Industries, Institutions & Histories of Radio & Popular Music
In ‘On Air: Methods and Meanings of Radio’ (1998) Shingler and Wieringa discuss the history of UK radio, including the vast expansion and development that occurred from the development of Morse Code in the 1840s until 1997. They also discuss the ethical considerations and progress compared to the USA stations.
Simon Frith’s ‘The Industrialization of Music’ (1998) discusses the implications that the development of technology has on music production, distribution and consumption which turned the music industry into a ‘complex system of money making,’ aided by the ease at which people with little musical talent can produce and sell songs.
Frith’s idea that technological developments make it easier for producers to make money by digitally altering voices or adding music supports Shingler and Wieringa’s as they also discuss the negative impact it has for radio companies; the growth of cheaper and more user friendly equipment led to the expansion of Pirate radio. Unlike the lack of talent Frith believes results from technological advances in the music industry, Pirate radio stations could have benefitted consumers with the lack of diverse radio content in the 1960s. However, this did result in the 1967 Marine Offences Act; the first to outlaw offshore Pirates.

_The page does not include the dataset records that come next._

(* "u is the minimal cardinality of a set of reals not satisfying P":
   (1) every set of reals of cardinality < u satisfies P, i.e. every X strictly
       smaller than every base of a nonprincipal ultrafilter;
   (2) some set of reals of cardinality exactly u (equinumerous with a base of
       minimal cardinality) fails P. *)
Definition critical_card_is_u (R : realType) (P : set R -> Prop) : Prop :=
  (forall X : set R, infinite_set X ->
     (forall B, is_u_base B -> (X #<= B) /\ ~ (B #<= X)) -> P X) /\
  (exists X : set R, infinite_set X /\ ~ P X /\
     exists B0, is_u_base B0 /\ (forall B, is_u_base B -> B0 #<= B) /\ (X #= B0)).

From HB Require Import structures.
From mathcomp Require Import all_boot all_order all_algebra.
From mathcomp Require Import all_classical all_reals all_analysis.
From mathcomp Require Import lra.
Set Implicit Arguments. Unset Strict Implicit. Unset Printing Implicit Defensive.
Import Order.TTheory GRing.Theory Num.Theory.
Import numFieldNormedType.Exports.
Local Open Scope classical_set_scope.
Local Open Scope card_scope.

(* If X is smaller than every u-base, a countable omega-cover C of X splits
   into two large covers: otherwise every set a of members of C is decided by
   some point x, in the sense that almost all members containing x lie in a, or
   almost all lie outside a; coding C into nat, the traces
   {U in C | x in U} then form a u-base of size at most |X|.  Open omega-covers
   reduce to countable ones because R is second countable.  Conversely, embed a
   u-base B of minimal size into the Cantor set: the clopen traces
   {b in B | n in b} form an omega-cover, and for any partition of it the
   ultrafilter picks a side, leaving a point coded by B in only finitely many
   members of the other side. *)

Lemma infinite_set_image_inj (T U : Type) (f : T -> U) (A : set T) :
  {in A &, injective f} -> infinite_set A -> infinite_set (f @` A).
Proof. by move=> /inj_card_eq fA; rewrite (eq_finite_set fA). Qed.

Lemma finite_set_nat_bounded (A : set nat) :
  finite_set A -> exists N, forall n, A n -> (n < N)%N.
Proof.
move=> /finite_fsetP[S ->]; exists (\max_(i <- finmap.enum_fset S) i).+1 => n /= nS.
by rewrite ltnS; exact: leq_bigmax_seq nS _.
Qed.

Lemma infinite_set_nat_split (A : set nat) : infinite_set A ->
  exists2 A1, A1 `<=` A & infinite_set A1 /\ infinite_set (A `\` A1).
Proof.
move=> /infiniteP/pcard_leP/injfunPex[g gA ginj].
have ginjT (h : nat -> nat) : injective h -> infinite_set [set g (h n) | n in setT].
  move=> hinj; apply: infinite_set_image_inj infinite_nat => m n _ _ /ginj.
  by rewrite !inE => /(_ I I)/hinj.
exists [set g n.*2 | n in setT]; first by move=> _ [n _ <-]; exact: gA.
split; first exact/ginjT/double_inj.
have double_succ_inj : injective (fun n => n.*2.+1) by move=> m n /succn_inj/double_inj.
apply: sub_infinite_set (ginjT _ double_succ_inj).
move=> _ [n _ <-]; split; first exact: gA.
move=> [m _ /ginj]; rewrite !inE => /(_ I I)/(congr1 odd).
by rewrite /= !odd_double.
Qed.

Section MinimalCardinality.
Variables (T : Type) (P : set (set T)).

Definition selector_family (S : set (set T -> T)) :=
  (forall s, S s -> forall A, P A -> A (s A)) /\
  (forall s t, S s -> S t -> s <> t -> forall A, P A -> s A <> t A).

(* By maximality: if no member were exhausted, a point of each member missed by
   all selectors would define one more selector. *)
Lemma exists_exhausted_member A1 : P A1 -> ~ P set0 ->
  exists S, selector_family S /\
    exists2 A0, P A0 & forall a, A0 a -> exists2 s, S s & s A0 = a.
Proof.
move=> PA1 nP0.
have [t0 _] : A1 !=set0 by apply/set0P/eqP => A10; apply: nP0; rewrite -A10.
have [S [[Ssel Sdis] Smax]] : exists S, selector_family S /\
    forall S', S `<` S' -> ~ selector_family S'.
  apply: Zorn_bigcup => F FS Ftot; split.
    by move=> s [S FS' Ss]; exact: (FS S FS').1.
  move=> s t [S1 FS1 sS1] [S2 FS2 tS2].
  have [S12|S21] := Ftot _ _ FS1 FS2.
    by apply: (FS S2 FS2).2 => //; exact: S12.
  by apply: (FS S1 FS1).2 => //; exact: S21.
exists S; split => //; apply: contrapT => nexh.
have /choice[g gP] : forall A, exists a, P A -> A a /\ forall s, S s -> s A <> a.
  move=> A; have [PA|nPA] := pselect (P A); last by exists t0.
  have /existsNP[a /not_implyP[Aa nSa]] :
      ~ (forall a, A a -> exists2 s, S s & s A = a) by move=> h; apply: nexh; exists A.
  by exists a => _; split => // s Ss sa; apply: nSa; exists s.
have nSg : ~ S g by move=> Sg; exact: (gP A1 PA1).2 g Sg erefl.
apply: (Smax (S `|` [set g])).
  by split => [s Ss|h]; [left|apply: nSg; apply: h; right].
split; first by move=> s [/Ssel //|->] A PA; exact: (gP A PA).1.
move=> s t [Ss|->] [St|->] st A PA.
- exact: Sdis.
- exact: (gP A PA).2 s Ss.
- by move=> e; apply: ((gP A PA).2 t St); rewrite e.
- by case: st.
Qed.

(* The selectors hitting the points of an exhausted member A0, evaluated at
   any other member A, inject A0 into A. *)
Lemma exists_card_minimal : (exists A, P A) ->
  exists A0, P A0 /\ forall A, P A -> A0 #<= A.
Proof.
move=> [A1 PA1]; have [P0|nP0] := pselect (P set0).
  by exists set0; split => // A _; exact: card_ge0.
have [S [[Ssel Sdis] [A0 PA0 A0S]]] := exists_exhausted_member PA1 nP0.
exists A0; split => // A PA.
have /choice[h hP] : forall a, exists s, A0 a -> S s /\ s A0 = a.
  move=> a; have [A0a|nA0a] := pselect (A0 a); last by exists (fun=> a).
  by have [s Ss sa] := A0S a A0a; exists s.
have [f] : $|{injfun A0 >-> A}|.
  apply/injfunPex; exists (fun a => h a A).
    by move=> a A0a; exact: (Ssel _ (hP a A0a).1 _ PA).
  move=> a b /set_mem A0a /set_mem A0b hab.
  have [Sa <-] := hP a A0a; have [Sb <-] := hP b A0b.
  by have -> : h a = h b by apply: contrapT => ne; exact: Sdis Sa Sb ne A PA hab.
exact: inj_card_le f.
Qed.

End MinimalCardinality.

Lemma exists_u_base : exists B, is_u_base B.
Proof.
have [G [UG FG]] := ultraFilterLemma (@eventually_filter).
have finG A : finite_set A -> ~ G A.
  move=> /finite_set_nat_bounded[N AN] GA.
  have GC : G [set n | (N <= n)%N] by apply: FG; exists N.
  apply: (@filter_not_empty _ G _); apply: filterS (filterI GA GC) => n [An Nn].
  by have := AN n An; rewrite ltnNge Nn.
exists G; split; first by move=> b Gb fb; exact: finG fb Gb.
have -> : generated_by_base G = G.
  apply/seteqP; split=> a; last by exists a => //; rewrite setDv.
  move=> [b Gb fba].
  have Gc : G (~` (b `\` a)) by case: (in_ultra_setVsetC (b `\` a) UG) => // /finG.
  apply: filterS (filterI Gb Gc) => n [bn nbna]; apply: contrapT => na.
  by apply: nbna; split.
split; first exact: filterT.
split; first exact: filter_not_empty.
split; first by move=> a b; exact: filterI.
split; first by move=> a b Ga ab; exact: filterS ab Ga.
split; first by move=> a; exact: in_ultra_setVsetC.
by move=> n; apply: finG; exact: finite_set1.
Qed.

(* Triple intersections are what closure of the generated filter under
   intersection needs: a1 `&` a2 is tested against a third base element. *)
Lemma u_base_of_dichotomy (B : set (set nat)) : B !=set0 ->
  (forall b1 b2 b3, B b1 -> B b2 -> B b3 -> infinite_set (b1 `&` b2 `&` b3)) ->
  (forall a, (exists2 b, B b & finite_set (b `&` a)) \/
             (exists2 b, B b & finite_set (b `\` a))) ->
  is_u_base B.
Proof.
move=> [b0 Bb0] Binf3 dich.
have Binf b : B b -> infinite_set b.
  by move=> Bb; have := Binf3 _ _ _ Bb Bb Bb; rewrite !setIid.
split => //; split; first by exists b0; rewrite ?setDT.
split; first by move=> [b Bb]; rewrite setD0; exact: Binf.
split.
  move=> a1 a2 [b1 Bb1 f1] [b2 Bb2 f2].
  have [[b3 Bb3 f3]|//] := dich (a1 `&` a2).
  exfalso; apply: (Binf3 _ _ _ Bb1 Bb2 Bb3).
  apply: sub_finite_set (_ : _ `<=` (b1 `\` a1) `|` (b2 `\` a2) `|` (b3 `&` (a1 `&` a2))) _.
    move=> n [[b1n b2n] b3n].
    have [a1n|] := pselect (a1 n); last by left; left.
    by have [a2n|] := pselect (a2 n); [right|left; right].
  by rewrite !finite_setU.
split.
  move=> a1 a2 [b Bb fb] a12; exists b => //; apply: sub_finite_set fb.
  by move=> n [bn na2]; split => // /a12.
split.
  move=> a; have [[b Bb fb]|[b Bb fb]] := dich a; [right|left]; exists b => //.
  by rewrite setDE setCK.
by move=> n [b Bb]; exact: infinite_setD (Binf b Bb) (finite_set1 n).
Qed.
(* Let $n$ be even, $1\le q_n\le n/2$, $I_n=\{(i_1,\dots,i_{q_n}):1\le i_1<\dots<i_{q_n}\le n\}$, and for $R=(i_1,\dots,i_{q_n})\in I_n$ let $\Psi_R=\psi_{i_1}\cdots\psi_{i_{q_n}}\,i^{\lfloor q_n/2\rfloor}$. Let $\pi\in\mathcal{P}_2(k)$ and set $$S(\pi,n):=\frac{1}{|I_n|^{k/2}}\sum_{\substack{\alpha:[k]\to I_n\\ \ker\alpha\ge\pi}}\operatorname{tr}(\Psi_{\alpha(1)}\cdots\Psi_{\alpha(k)}).$$ Let $V$ be a block of $\pi$ and $R\in I_n$. Then $$\frac{1}{|I_n|^{(k-2)/2}}\sum_{\substack{\alpha:[k]\to I_n\\ \ker\alpha\ge\pi\\ \alpha(V)=R}}\operatorname{tr}(\Psi_{\alpha(1)}\cdots\Psi_{\alpha(k)})=S(\pi,n);$$ in particular this restricted sum does not depend on the choice of the block $V$ nor of the value $R$.
   Context: $\psi_1,\dots,\psi_n$ are Majorana fermions: $2^{n/2}\times2^{n/2}$ matrices with $\psi_i\psi_j+\psi_j\psi_i=2\delta_{ij}I$, realized as $\psi_j=\sigma_3^{\otimes(j-1)}\otimes\sigma_1\otimes 1^{\otimes(n/2-j)}$, $\psi_{n/2+j}=\sigma_3^{\otimes(j-1)}\otimes\sigma_2\otimes 1^{\otimes(n/2-j)}$ with Pauli matrices. $\operatorname{tr}$ is the normalized trace. $\mathcal{P}_2(k)$ is the set of pair partitions of $[k]=\{1,\dots,k\}$; $\ker\alpha$ is the partition of $[k]$ into the nonempty level sets of $\alpha$; $\pi\le\sigma$ means each block of $\pi$ lies in a block of $\sigma$; for a block $V$ of $\pi\le\ker\alpha$, $\alpha(V)$ is the common value of $\alpha$ on $V$. *)

From HB Require Import structures.
From mathcomp Require Import all_boot all_order all_algebra all_field.
From mathcomp Require Import mxtens.
Set Implicit Arguments. Unset Strict Implicit. Unset Printing Implicit Defensive.
Import Order.TTheory GRing.Theory Num.Theory.
Local Open Scope ring_scope.

Definition sigma1 : 'M[algC]_2 := \matrix_(i < 2, j < 2) (if i == j then 0 else 1).
Definition sigma2 : 'M[algC]_2 :=
  \matrix_(i < 2, j < 2) (if i == j then 0 else if i == 0 then - 'i else 'i).
Definition sigma3 : 'M[algC]_2 :=
  \matrix_(i < 2, j < 2) (if i == j then (if i == 0 then 1 else -1) else 0).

With the development of the music industry, more companies emerged in the music industry selling both new music and audio equipment. More choice for consumers led to competition between different record labels and companies meaning that members of the music industry began viewing artists as ‘commodities’ that could make them money. This was also a cause of the more active role in computer generated music as it was cheaper to produce. Similar competition occurred in the radio industry with the expansion of the BBC leading to ethical considerations to ensure that the station maintained their high standard and ranging audience.
As Frith’s essay criticises the standard of popular music in the 1980s, this made me consider how this is still addressed today. Many artists who regularly appear in the UK top 40 have been criticised for their use of auto-tune and miming during live performances. I find this interesting as the popular music from this era is often considered better in comparison to the current popular music, yet these artists with very little talent are no longer considered an issue from that period. As well as similarities with the current structure of radio, I felt Frith’s writing remains relevant today.
If I was to research this area of the music industry I’d analyse artists from a major label in a variety of genres and with varying degrees of success to compare the promotion they each received and their reception from the public. This would look at whether the development of technology has led to more competition at record labels and corner-cutting in the production of music and how it compares to the 1980s. I would hold focus groups with people of different age groups and analyse footage, promotional items and chart figures as partial memory could make the interviews unreliable.
Frith, S, (1988). ‘The industrialisation of Music’. In: (ed), Music for Pleasure: Essays in the Sociology of Pop. 1st ed. e.g. England: Routledge, Chapman & Hall, Incorporated. pp.(11-23).
Shingler, M & Wieringa, C, (1998). ‘Radio time-line: History at a glance’. In: Martin Shingler & Cindy Wieringa (ed), On Air: Methods & Meanings of Radio. 1st ed. London: Bloomsbury Publishing PLC. pp.(1-29).